▶ [Exercise prompt] Return the lines of the data below in which the string "then" occurs.

[Collected data]
################

(* Let $n\ge1$ and $d\ge0$ be integers, and let $M(x)$ be a monic complex polynomial of degree $2n$, written as $M=A^2+B$ with $A(x)=x^n+\sum_{j=0}^{n-1}a_jx^j$, $B(x)=\sum_{j=0}^{n-1}b_jx^j$. The equation $y''=M(x)y$ has a polynomial-hyperexponential solution of polynomial degree $d$ if and only if $$b_{n-1}^2=(n+2d)^2\quad\text{and}\quad \Delta_d(A(x),B(x))\cdot\Delta_d(-A(x),B(x))=0$$ (the latter as a polynomial identity in $x$). Consequently $\mathbb{L}'_{2n,d}$ is an algebraic subvariety of $\mathbb{M}_{2n}$ (its equations being $b_{n-1}^2=(n+2d)^2$ together with the coefficients in $x$ of $\Delta_d(A,B)\Delta_d(-A,B)$), contained in the union of the hyperplanes $b_{n-1}=2d+n$ and $-b_{n-1}=2d+n$.
   Context: $\mathbb{Q}\{a,b\}$ is the ring of differential polynomials in two differential indeterminates $a,b$ over $\mathbb{Q}$. Define $\varphi$ on $2\times2$ matrices over $\mathbb{Q}\{a,b\}$ by $\varphi(C)=C'+\begin{pmatrix}-2a&1\\ b-a'&0\end{pmatrix}C$ (entrywise derivative), and $\Delta_p=-\det\left(\varphi^{p+1}(\mathrm{Id})\right)\in\mathbb{Q}\{a,b\}$. Equivalently, with $\ell_{-1}=1$, $r_{-1}=0$, $\ell_0=-2a$, $r_0=b-a'$, $\ell_{j+1}=\ell_j'+r_j+\ell_0\ell_j$, $r_{j+1}=r_j'+r_0\ell_j$, one has $\varphi^{p+1}(\mathrm{Id})=\begin{pmatrix}\ell_p&\ell_{p-1}\\ r_p&r_{p-1}\end{pmatrix}$ and $\Delta_p=r_p\ell_{p-1}-\ell_pr_{p-1}$ (e.g. $\Delta_0=b-a'$). $\Delta_d(A(x),B(x))$ means substituting $a\mapsto A(x)$, $b\mapsto B(x)$, with derivation $d/dx$. $\mathbb{M}_{2n}$ is the set of monic degree-$2n$ polynomials with coordinates $(a_0,\dots,a_{n-1},b_0,\dots,b_{n-1})$ given by the unique decomposition $M=A^2+B$ above. A polynomial-hyperexponential function of polynomial degree $d$ is $P_d(x)\exp(\int A(x)dx)$ with $P_d$ of degree exactly $d$ and $A$ a polynomial; $\mathbb{L}'_{2n,d}$ is the set of $M\in\mathbb{M}_{2n}$ such that $y''=My$ has such a solution. *)

From HB Require Import structures.
From mathcomp Require Import all_boot all_order all_algebra.
Set Implicit Arguments. Unset Strict Implicit. Unset Printing Implicit Defensive.
Import Order.TTheory GRing.Theory Num.Theory.
Local Open Scope ring_scope.

Section Delta.
Variable C : numClosedFieldType.

Definition phi_mat (A B : {poly C}) : 'M[{poly C}]_2 :=
  \matrix_(i < 2, j < 2)
    if (i == 0 :> nat) then (if (j == 0 :> nat) then - (2%:R * A) else 1)
    else (if (j == 0 :> nat) then B - A^`() else 0).

Definition phi (A B : {poly C}) (Cm : 'M[{poly C}]_2) : 'M[{poly C}]_2 :=
  map_mx (fun p : {poly C} => p^`()) Cm + phi_mat A B *m Cm.

Definition Delta (p : nat) (A B : {poly C}) : {poly C} :=
  - \det (iter p.+1 (phi A B) 1%:M).

(* y = P exp(int E) solves y'' = M y  iff  P'' + 2 E P' + (E' + E^2) P = M P. *)
Definition polyhyp_sol (M P E : {poly C}) : Prop :=
  P^`(2) + 2%:R * E * P^`() + (E^`() + E ^+ 2) * P = M * P.

Definition has_polyhyp_sol (M : {poly C}) (d : nat) : Prop :=
  exists P E : {poly C}, size P = d.+1 /\ polyhyp_sol M P E.

End Delta.

From HB Require Import structures.
From mathcomp Require Import all_boot all_order all_algebra.
From mathcomp Require Import ring zify.
Set Implicit Arguments. Unset Strict Implicit. Unset Printing Implicit Defensive.
Import Order.TTheory GRing.Theory Num.Theory.
Local Open Scope ring_scope.

(* Writing y = P exp(int E), the equation y'' = (A^2 + B) y becomes
   P'' + 2 E P' + (E' + E^2) P = (A^2 + B) P, and comparing degrees forces
   E = a with a = A or a = -A; P then solves L P = 0, where
   L Q = Q'' - l0 Q' - r0 Q with l0 = -2a and r0 = B - a'.  The coefficients of
   degree n - 1 + deg P give b_(n-1) = a_n (2 deg P + n).
   Every solution Q of L Q = 0 satisfies Q^(k+1) = l_(k-1) Q' + r_(k-1) Q, and
   with S = l_(d-1) Q' + r_(d-1) Q one has the identity
     l_(d-1) S' - l_d S = l_(d-1)^2 L Q + Delta_d Q.
   For a solution P of degree d, S = P^(d+1) = 0, so Delta_d P = 0.
   Conversely, if Delta_d = 0, pick c with l_(d-1)(c) <> 0 and, by linear algebra,
   a polynomial Q <> 0 such that L Q vanishes to high order at c and S(c) = 0.
   The identity makes S, hence Q^(d+1), vanish at c to an order exceeding its
   degree, so deg Q <= d, and then L Q = 0 for the same reason; finally
   b_(n-1)^2 = (n + 2d)^2 forces deg Q = d. *)

Section RingPoly.
Variable R : nzRingType.
Implicit Types p q : {poly R}.

Lemma size_derivn_leq p k : (size p^`(k) <= size p - k)%N.
Proof.
apply/leq_sizeP => j le_j; rewrite coef_derivn nth_default ?mul0rn //.
by rewrite -leq_subLR.
Qed.

Lemma coefM_top p q i j : (size p <= i.+1)%N -> (size q <= j.+1)%N ->
  (p * q)`_(i + j) = p`_i * q`_j.
Proof.
move=> le_p le_q; rewrite coefM (bigD1 (Ordinal (ltn_addr j (ltnSn i)))) //=.
rewrite addKn big1 ?addr0 // => -[t lt_t] /= ne_ti.
case: (ltngtP t i) => [lt_ti|lt_it|eq_ti]; last by rewrite -val_eqE /= eq_ti eqxx in ne_ti.
- by rewrite [q`__]nth_default ?mulr0 //; apply: leq_trans le_q _; lia.
- by rewrite [p`__]nth_default ?mul0r //; apply: leq_trans le_p _.
Qed.

End RingPoly.

Lemma det_mx2 (R : comPzRingType) (X : 'M[R]_2) :
  \det X = X 0 0 * X 1 1 - X 0 1 * X 1 0.
Proof.
rewrite (expand_det_row _ 0) !big_ord_recl big_ord0 addr0 /cofactor !det_mx11 !mxE /=.
rewrite expr0 expr1 mul1r mulN1r mulrN.
by congr (_ * _ - _ * _); congr (X _ _); apply/val_inj.
Qed.
Lemma prob_bad_le (mu_nu : Dinf_finite mu nu) (Q : seq {ffun X -> R}) (alpha : R) :
  (forall q, q \in Q -> is_query q) -> 0 < alpha < 1 ->
  \sum_(p | ~~ (fDQ p.1 Q (supp p.2) <= alpha%:E)%E) pair_prob p
  <= 2 * (size Q)%:R *
       expR (- (n%:R * (alpha / 2) ^+ 2 / (2 * (1 / 4 + 1 * (alpha / 2) / 3))))
   + (2 * (size Q)%:R + 1) *
       expR (- (m%:R * (alpha / 4) ^+ 2 /
               (2 * (iweight_sqsum mu nu + iweight_max mu nu * (alpha / 4) / 3)))).
Proof.
move=> Q01 /andP[alpha_gt0 alpha_lt1].
pose dev_s (q : {ffun X -> R}) (s : n.-tuple X) :=
  n%:R * (alpha / 2) <= `|\sum_(x <- s) (q x - mean mu q)|.
pose dev_t (q : {ffun X -> R}) (t : m.-tuple X) :=
  m%:R * (alpha / 4) <= `|\sum_(y <- t) iweight mu nu y * (q y - mean mu q)|.
pose low_Z (t : m.-tuple X) :=
  m%:R * (alpha / 4) <= \sum_(y <- t) (1 - iweight mu nu y).
have bad_dev p : ~~ (fDQ p.1 Q (supp p.2) <= alpha%:E)%E ->
    has (dev_s^~ p.1) Q || (has (dev_t^~ p.2) Q || low_Z p.2).
  apply: contraR => /norP[/hasPn dev_s_no /norP[/hasPn dev_t_no low_Z_no]].
  apply: (fDQ_le_concentrated mu_distr nu_distr); first by rewrite alpha_gt0; lra.
  - by move=> q /dev_s_no; rewrite ltNge.
  - by move=> q /dev_t_no; rewrite ltNge.
  - by rewrite ltNge.
apply: le_trans (ler_sum_pred pair_prob_ge0 bad_dev) _.
apply: le_trans (sum_predU_le pair_prob_ge0 _ _) _; apply: lerD.
  rewrite (sum_pair_prob_fst (fun s => has (dev_s^~ s) Q)).
  apply: le_trans (union_bound (fun s => tuple_prob_ge0 mu_distr.1 s) _ _) _.
  rewrite -mulrA mulrCA; apply: ler_sum_seq_const => q /Q01 q01.
  by apply: query_tail_mu => //; lra.
rewrite (sum_pair_prob_snd (fun t => has (dev_t^~ t) Q || low_Z t)).
apply: le_trans (sum_predU_le (fun t => tuple_prob_ge0 nu_distr.1 t) _ _) _.
rewrite mulrDl mul1r; apply: lerD; last by apply: iweight_tail => //; lra.
apply: le_trans (union_bound (fun t => tuple_prob_ge0 nu_distr.1 t) _ _) _.
rewrite -mulrA mulrCA; apply: ler_sum_seq_const => q /Q01 q01.
by apply: query_tail_nu => //; lra.
Qed.

End SampleSpace.

Theorem mainTheorem2 (R : realType) (X : finType) (mu nu : {ffun X -> R})
  (n m : nat) (Q : seq {ffun X -> R}) (alpha beta : R) :
  is_distr mu -> is_distr nu -> Dinf_finite mu nu ->
  uniq Q -> (forall q, q \in Q -> is_query q) ->
  0 < alpha -> 0 < beta ->
  n%:R >= 8 / alpha ^+ 2 * ln (4 * (size Q)%:R / beta) ->
  m%:R >= (32 / alpha ^+ 2 * expR (D2 mu nu) + 8 / (3 * alpha) * expR (Dinf mu nu))
          * ln ((4 * (size Q)%:R + 4) / beta) ->
  prob_good n m mu nu Q alpha >= 1 - beta.
Proof.
move=> mu_distr nu_distr mu_nu _ Q01 alpha_gt0 beta_gt0 n_large m_large.
apply: (prob_good_ge mu_distr nu_distr).
have [beta_ge1|beta_lt1] := leP 1 beta.
  exact: le_trans (sum_pair_prob_le1 mu_distr nu_distr _) beta_ge1.
rewrite expR_D2 // expR_Dinf // in m_large.
have S_gt0 := iweight_sqsum_gt0 mu_distr nu_distr mu_nu.
have M_gt0 := lt_le_trans ltr01 (iweight_max_ge1 mu_distr nu_distr mu_nu).
have [alpha_ge1|alpha_lt1] := leP 1 alpha.
  have m_gt0 : (0 < m)%N.
    rewrite -(ltr0n R); apply: lt_le_trans m_large; rewrite mulr_gt0 //.
      by rewrite addr_gt0 // mulr_gt0 // divr_gt0 // ?exprn_gt0 ?mulr_gt0.
    by rewrite ln_gt0 // ltr_pdivlMr // mul1r; have := ler0n R (size Q); lra.
  rewrite big_pred0 ?(ltW beta_gt0) // => p; apply/negbTE; rewrite negbK.
  have t0_supp : tnth p.2 (Ordinal m_gt0) \in supp p.2 by rewrite inE mem_tnth.
  by apply: le_trans (fDQ_le1 _ t0_supp Q01) _; rewrite lee_fin.
have alpha01 : 0 < alpha < 1 by rewrite alpha_gt0 alpha_lt1.
have beta01 : 0 < beta < 1 by rewrite beta_gt0 beta_lt1.
apply: le_trans (prob_bad_le n m mu_distr nu_distr mu_nu Q01 alpha01) _.
have := sample_size_mu alpha01 beta01 n_large.
have := sample_size_nu alpha_gt0 beta01 S_gt0 M_gt0 m_large.
lra.
Qed.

################

▶ [Solution for this problem]
    if (i == 0 :> nat) then (if (j == 0 :> nat) then - (2%:R * A) else 1)
    else (if (j == 0 :> nat) then B - A^`() else 0).
   E = a with a = A or a = -A; P then solves L P = 0, where
   degree, so deg Q <= d, and then L Q = 0 for the same reason; finally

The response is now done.